▸ **Source material**
(* Consider matrices $F_k,C_k\in\mathbb R^{m\times n}$, $H_k\in\mathbb R^{p\times n}$, positive definite symmetric $S_k\in\mathbb R^{m\times m}$, $R_k\in\mathbb R^{p\times p}$, and observations $y_k\in\mathbb R^p$, $k=0,1,2,\dots$, for the descriptor system $F_{k+1}x_{k+1}-C_kx_k=f_{k+1}$, $F_0x_0=f_0$, $y_k=H_kx_k+g_k$ with uncertainty set (for each horizon $\tau$) $\langle S_0f_0,f_0\rangle+\sum_{i=1}^{\tau}\langle S_{i-1}f_i,f_i\rangle+\sum_{i=0}^{\tau}\langle R_ig_i,g_i\rangle\le1$. Let $P_k,r_k,B_k$ be defined by $P_0=F_0'S_0F_0+H_0'R_0H_0$, $r_0=H_0'R_0y_0$, $B_k=P_k+C_k'S_kC_k$, and for $k\ge1$ $P_k=H_k'R_kH_k+F_k'[S_{k-1}-S_{k-1}C_{k-1}B_{k-1}^+C_{k-1}'S_{k-1}]F_k$, $r_k=F_k'S_{k-1}C_{k-1}B_{k-1}^+r_{k-1}+H_k'R_ky_k$. Let $\hat x_{k|k}$, $P_{k|k}$, $A_k$ be defined by $P_{0|0}^{-1}=F_0'S_0F_0+H_0'R_0H_0$, $\hat x_{0|0}=P_{0|0}H_0'R_0y_0$, $A_k^{-1}=S_k^{-1}+C_kP_{k|k}C_k'$, and for $k\ge1$ $P_{k|k}^{-1}=F_k'A_{k-1}F_k+H_k'R_kH_k$, $\hat x_{k|k}=P_{k|k}F_k'A_{k-1}C_{k-1}\hat x_{k-1|k-1}+P_{k|k}H_k'R_ky_k$. If $\mathrm{rank}\begin{bmatrix}F_k\\H_k\end{bmatrix}=n$ for all $k$, then for all $k$ the index of non-causality satisfies $I_k=0$ and $P_k^+r_k=\hat x_{k|k}$.
   Context: $A'$ denotes transpose and $A^+$ the Moore–Penrose pseudoinverse. For horizon $k$, let $X(k)$ be the set of states $x_k$ for which there exist $x_0,\dots,x_{k-1}$ such that the residuals $f_0=F_0x_0$, $f_{j+1}=F_{j+1}x_{j+1}-C_jx_j$, $g_j=y_j-H_jx_j$ ($j\le k$) satisfy the uncertainty constraint with $\tau=k$. The $\ell$-error is $\hat\rho(\ell,k):=\inf_{z\in X(k)}\sup_{x\in X(k)}|\langle\ell,x-z\rangle|$, the minimax observable subspace is $\mathcal L(k):=\{\ell\in\mathbb R^n:\hat\rho(\ell,k)<\infty\}$, and the index of non-causality is $I_k:=n-\dim\mathcal L(k)$. The observations $y_k$ are assumed generated by some trajectory whose inputs and noises satisfy the uncertainty constraint. *)

From Stdlib Require ClassicalEpsilon.
From HB Require Import structures.
From mathcomp Require Import all_boot all_order all_algebra.
From mathcomp Require Import boolp classical_sets reals constructive_ereal ereal.
Set Implicit Arguments. Unset Strict Implicit. Unset Printing Implicit Defensive.
Import Order.TTheory GRing.Theory Num.Theory.
Local Open Scope ring_scope.
Local Open Scope classical_set_scope.

Section Defs.
Variable R : realType.

Definition dotv (q : nat) (u v : 'cV[R]_q) : R := (u^T *m v) 0 0.

(* Moore--Penrose pseudoinverse: the (unique) matrix satisfying the four
   Penrose conditions (it exists over any real field). *)
Definition is_mp_pinv (a b : nat) (A : 'M[R]_(a, b)) (X : 'M[R]_(b, a)) : bool :=
  [&& A *m X *m A == A, X *m A *m X == X,
      (A *m X)^T == A *m X & (X *m A)^T == X *m A].

Definition mp_pinv (a b : nat) (A : 'M[R]_(a, b)) : 'M[R]_(b, a) :=
  ClassicalEpsilon.epsilon (inhabits 0) (fun X => is_mp_pinv A X).

Definition posdef_sym (q : nat) (M : 'M[R]_q) : Prop :=
  M^T = M /\ forall v : 'cV[R]_q, v != 0 -> 0 < dotv v (M *m v).

Variables (m n p : nat).
Variables (F C : nat -> 'M[R]_(m, n)) (H : nat -> 'M[R]_(p, n))
          (S : nat -> 'M[R]_m) (Rw : nat -> 'M[R]_p) (y : nat -> 'cV[R]_p).

Definition cost (tau : nat) (x : nat -> 'cV[R]_n) : R :=
  let f0 := F 0 *m x 0 in
  dotv (S 0 *m f0) f0
  + \sum_(1 <= i < tau.+1)
      dotv (S i.-1 *m (F i *m x i - C i.-1 *m x i.-1))
           (F i *m x i - C i.-1 *m x i.-1)
  + \sum_(0 <= i < tau.+1)
      dotv (Rw i *m (y i - H i *m x i)) (y i - H i *m x i).

Definition Xset (k : nat) : set 'cV[R]_n :=
  [set z | exists x : nat -> 'cV[R]_n, x k = z /\ cost k x <= 1].

Definition lerror (l : 'cV[R]_n) (k : nat) : \bar R :=
  ereal_inf [set ereal_sup [set (`|dotv l (x - z)|)%:E | x in Xset k]
            | z in Xset k].

Definition Lsub (k : nat) : set 'cV[R]_n :=
  [set l | (lerror l k < +oo)%E].

Definition setdim (A : set 'cV[R]_n) : nat :=
  \max_(d < n.+1 | `[< exists M : 'M[R]_(d, n),
                        (forall i, A (row i M)^T) /\ row_free M >]) d.

Definition Inc (k : nat) : nat := (n - setdim (Lsub k))%N.

Fixpoint Pr (k : nat) : 'M[R]_n * 'cV[R]_n :=
  match k with
  | 0 => ((F 0)^T *m S 0 *m F 0 + (H 0)^T *m Rw 0 *m H 0,
          (H 0)^T *m Rw 0 *m y 0)
  | j.+1 =>
      let Pj := (Pr j).1 in let rj := (Pr j).2 in
      let Bj := Pj + (C j)^T *m S j *m C j in
      let Bp := mp_pinv Bj in
      ((H j.+1)^T *m Rw j.+1 *m H j.+1
         + (F j.+1)^T *m (S j - S j *m C j *m Bp *m (C j)^T *m S j) *m F j.+1,
       (F j.+1)^T *m S j *m C j *m Bp *m rj + (H j.+1)^T *m Rw j.+1 *m y j.+1)
  end.

Definition Pk (k : nat) := (Pr k).1.
Definition rk (k : nat) := (Pr k).2.
Definition Bk (k : nat) := Pk k + (C k)^T *m S k *m C k.

Fixpoint KF (k : nat) : 'M[R]_n * 'cV[R]_n :=
  match k with
  | 0 => let P00 := invmx ((F 0)^T *m S 0 *m F 0 + (H 0)^T *m Rw 0 *m H 0) in
         (P00, P00 *m (H 0)^T *m Rw 0 *m y 0)
  | j.+1 =>
      let Pjj := (KF j).1 in let xj := (KF j).2 in
      let Aj := invmx (invmx (S j) + C j *m Pjj *m (C j)^T) in
      let P' := invmx ((F j.+1)^T *m Aj *m F j.+1
                       + (H j.+1)^T *m Rw j.+1 *m H j.+1) in
      (P', P' *m (F j.+1)^T *m Aj *m C j *m xj
           + P' *m (H j.+1)^T *m Rw j.+1 *m y j.+1)
  end.

Definition Pkk (k : nat) := (KF k).1.
Definition xhat (k : nat) := (KF k).2.
Definition Ak (k : nat) := invmx (invmx (S k) + C k *m Pkk k *m (C k)^T).

End Defs.

(* The information matrices P_k are positive definite: P_0 is a Gram matrix of
   the full-column-rank stack [F_0; H_0], and by the Woodbury identity
   S - S C B^{-1} C' S = (S^{-1} + C P^{-1} C')^{-1} the bracket in the
   recursion for P_{k+1} is the positive definite matrix A_k, so P_{k+1} is
   again such a Gram matrix.  Hence all pseudoinverses are inverses,
   P_{k|k} = P_k^{-1}, and the same identity in the form A_k C_k = S_k C_k B_k^{-1} P_k
   shows inductively that r_k = P_k xhat_{k|k}.
   For I_k = 0, the rank condition writes <l, x_k> as <a, F_k x_k> + <b, H_k x_k>.
   The second term differs from <b, y_k> by a measurement residual, and
   F_k x_k differs from C_{k-1} x_{k-1} by a dynamics residual; all residuals are
   bounded on X(k) by the uncertainty constraint, so by induction on k every
   functional is bounded on X(k) and has finite error. *)

From Pilot Require Import Defs.
From HB Require Import structures.
From mathcomp Require Import all_boot all_order all_algebra.
From mathcomp Require Import boolp classical_sets reals constructive_ereal ereal.
From mathcomp Require Import lra.
From Stdlib Require ClassicalEpsilon.
Set Implicit Arguments. Unset Strict Implicit.
Import Order.TTheory GRing.Theory Num.Theory.
Local Open Scope ring_scope.

Section FullColumnRank.
Variables (K : fieldType) (q1 q2 q : nat) (F : 'M[K]_(q1, q)) (H : 'M[K]_(q2, q)).
Hypothesis rank_FH : \rank (col_mx F H) = q.

Lemma col_mx_full_rank_eq0 (v : 'cV_q) : F *m v = 0 -> H *m v = 0 -> v = 0.
Proof.
move=> Fv0 Hv0.
have free_FHt : row_free (col_mx F H)^T by rewrite /row_free mxrank_tr rank_FH.
apply/eqP; rewrite -trmx_eq0 -(mulmx_free_eq0 _ free_FHt) -trmx_mul mul_col_mx Fv0 Hv0.
by rewrite col_mx0 trmx0.
Qed.

Lemma col_mx_full_rank_span (l : 'cV_q) : exists a b, l = F^T *m a + H^T *m b.
Proof.
have /submxP[D lD] : (l^T <= col_mx F H)%MS.
  by apply: submx_full; rewrite /row_full rank_FH.
exists (lsubmx D)^T, (rsubmx D)^T.
apply: trmx_inj; rewrite lD -[D]hsubmxK mul_row_col row_mxKl row_mxKr linearD /=.
by rewrite !trmx_mul !trmxK.
Qed.

End FullColumnRank.

Section Woodbury.
Variables (K : comUnitRingType) (q r : nat) (S : 'M[K]_q) (C : 'M[K]_(q, r)) (P : 'M[K]_r).
Let B := P + C^T *m S *m C.
Hypothesis B_unit : B \in unitmx.

Lemma woodbury_mulmx :
  (S - S *m C *m invmx B *m C^T *m S) *m C = S *m C *m invmx B *m P.
Proof.
have CSC : C^T *m S *m C = B - P by rewrite /B addrC addKr.
rewrite mulmxBl -!mulmxA [C^T *m (S *m C)]mulmxA CSC !mulmxA mulmxBr.
by rewrite -!mulmxA mulVmx // mulmx1 !mulmxA subKr.
Qed.

Lemma woodbury : S \in unitmx -> P \in unitmx ->
  invmx (invmx S + C *m invmx P *m C^T) = S - S *m C *m invmx B *m C^T *m S.
Proof.
move=> S_unit P_unit; set W := S - _.
have CSC : C^T *m S *m C = B - P by rewrite /B addrC addKr.
have CPCSC : C *m invmx P *m C^T *m S *m C *m invmx B = C *m invmx P - C *m invmx B.
  have -> : C *m invmx P *m C^T *m S *m C = C *m invmx P *m (C^T *m S *m C).
    by rewrite !mulmxA.
  by rewrite CSC mulmxBr mulmxBl -(mulmxA _ B) mulmxV // mulmx1
    -(mulmxA C _ P) mulVmx // mulmx1.
have inverse_W : (invmx S + C *m invmx P *m C^T) *m W = 1%:M.
  rewrite /W mulmxDl !mulmxBr !mulmxA mulVmx // !mul1mx CPCSC.
  by rewrite !mulmxBl subKr subrK.
have [unit_lhs _] := mulmx1_unit inverse_W.
by rewrite -[LHS]mulmx1 -inverse_W mulmxA mulVmx // mul1mx.
Qed.

End Woodbury.

Section BoundedOn.
Variables (K : numDomainType) (T : Type) (A : T -> Prop).

Definition bounded_on (g : T -> K) := exists M, forall x, A x -> `|g x| <= M.

Lemma bounded_on_cst c : bounded_on (fun=> c).
Proof. by exists `|c|. Qed.

Lemma bounded_onN g : bounded_on g -> bounded_on (fun x => - g x).
Proof. by move=> [M gM]; exists M => x Ax; rewrite normrN gM. Qed.

Lemma bounded_onD g h :
  bounded_on g -> bounded_on h -> bounded_on (fun x => g x + h x).
Proof.
move=> [M gM] [N hN]; exists (M + N) => x Ax.
by rewrite (le_trans (ler_normD _ _)) // lerD ?gM ?hN.
Qed.

Lemma eq_bounded_on g h :
  (forall x, A x -> g x = h x) -> bounded_on g -> bounded_on h.
Proof. by move=> gh [M gM]; exists M => x Ax; rewrite -gh ?gM. Qed.

End BoundedOn.

Lemma ler_sum_nat_term (K : numDomainType) (a b i : nat) (f : nat -> K) :
  (forall j, 0 <= f j) -> (a <= i < b)%N -> f i <= \sum_(a <= j < b) f j.
Proof.
move=> f_ge0 ai_b; rewrite (bigD1_seq i) ?mem_index_iota //=; last first.
  by rewrite /index_iota iota_uniq.
by rewrite lerDl sumr_ge0.
Qed.

Section QuadraticForms.
Variable R : realType.
Implicit Types q r : nat.

Lemma dotvC q (u v : 'cV[R]_q) : dotv u v = dotv v u.
Proof. by rewrite /dotv -[u^T *m v]trmxK trmx_mul trmxK mxE. Qed.

Lemma dotv_trmul q r (M : 'M[R]_(q, r)) u v : dotv u (M *m v) = dotv (M^T *m u) v.
Proof. by rewrite /dotv trmx_mul trmxK mulmxA. Qed.

Lemma dotvDl q (u v w : 'cV[R]_q) : dotv (u + v) w = dotv u w + dotv v w.
Proof. by rewrite /dotv linearD mulmxDl mxE. Qed.

Lemma dotvDr q (u v w : 'cV[R]_q) : dotv u (v + w) = dotv u v + dotv u w.
Proof. by rewrite /dotv mulmxDr mxE. Qed.

Lemma dotvNl q (u v : 'cV[R]_q) : dotv (- u) v = - dotv u v.
Proof. by rewrite /dotv linearN mulNmx mxE. Qed.

Lemma dotvBr q (u v w : 'cV[R]_q) : dotv u (v - w) = dotv u v - dotv u w.
Proof. by rewrite /dotv mulmxBr mxE !mxE. Qed.

Lemma dotv0r q (u : 'cV[R]_q) : dotv u 0 = 0.
Proof. by rewrite /dotv mulmx0 mxE. Qed.

Lemma dotv_mulmx_sym q (M : 'M[R]_q) u v : M^T = M -> dotv (M *m u) v = dotv u (M *m v).
Proof. by move=> sM; rewrite dotv_trmul sM. Qed.

Lemma dotv_sym_mulmx q (M : 'M[R]_q) u v : M^T = M -> dotv u (M *m v) = dotv v (M *m u).
Proof. by move=> sM; rewrite -dotv_mulmx_sym // dotvC. Qed.

Lemma dotv_conj q r (C : 'M[R]_(q, r)) (M : 'M[R]_q) v :
  dotv v (C^T *m M *m C *m v) = dotv (C *m v) (M *m (C *m v)).
Proof. by rewrite -!mulmxA dotv_trmul trmxK. Qed.

Definition psd_sym q (M : 'M[R]_q) : Prop :=
  M^T = M /\ forall v : 'cV[R]_q, 0 <= dotv v (M *m v).

Lemma posdef_sym_psd q (M : 'M[R]_q) : posdef_sym M -> psd_sym M.
Proof.
move=> [sM pM]; split => // v; have [->|nz] := eqVneq v 0.
  by rewrite mulmx0 dotv0r.
exact/ltW/pM.
Qed.

Lemma psd_sym_conj q r (C : 'M[R]_(q, r)) (M : 'M[R]_q) :
  psd_sym M -> psd_sym (C^T *m M *m C).
Proof.
move=> [sM pM]; split; first by rewrite !trmx_mul trmxK sM mulmxA.
by move=> v; rewrite dotv_conj.
Qed.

▸ **Your objective**
By examining the material line by line, establish how many lines contain "split" and give only that number.

▸ **Output**
2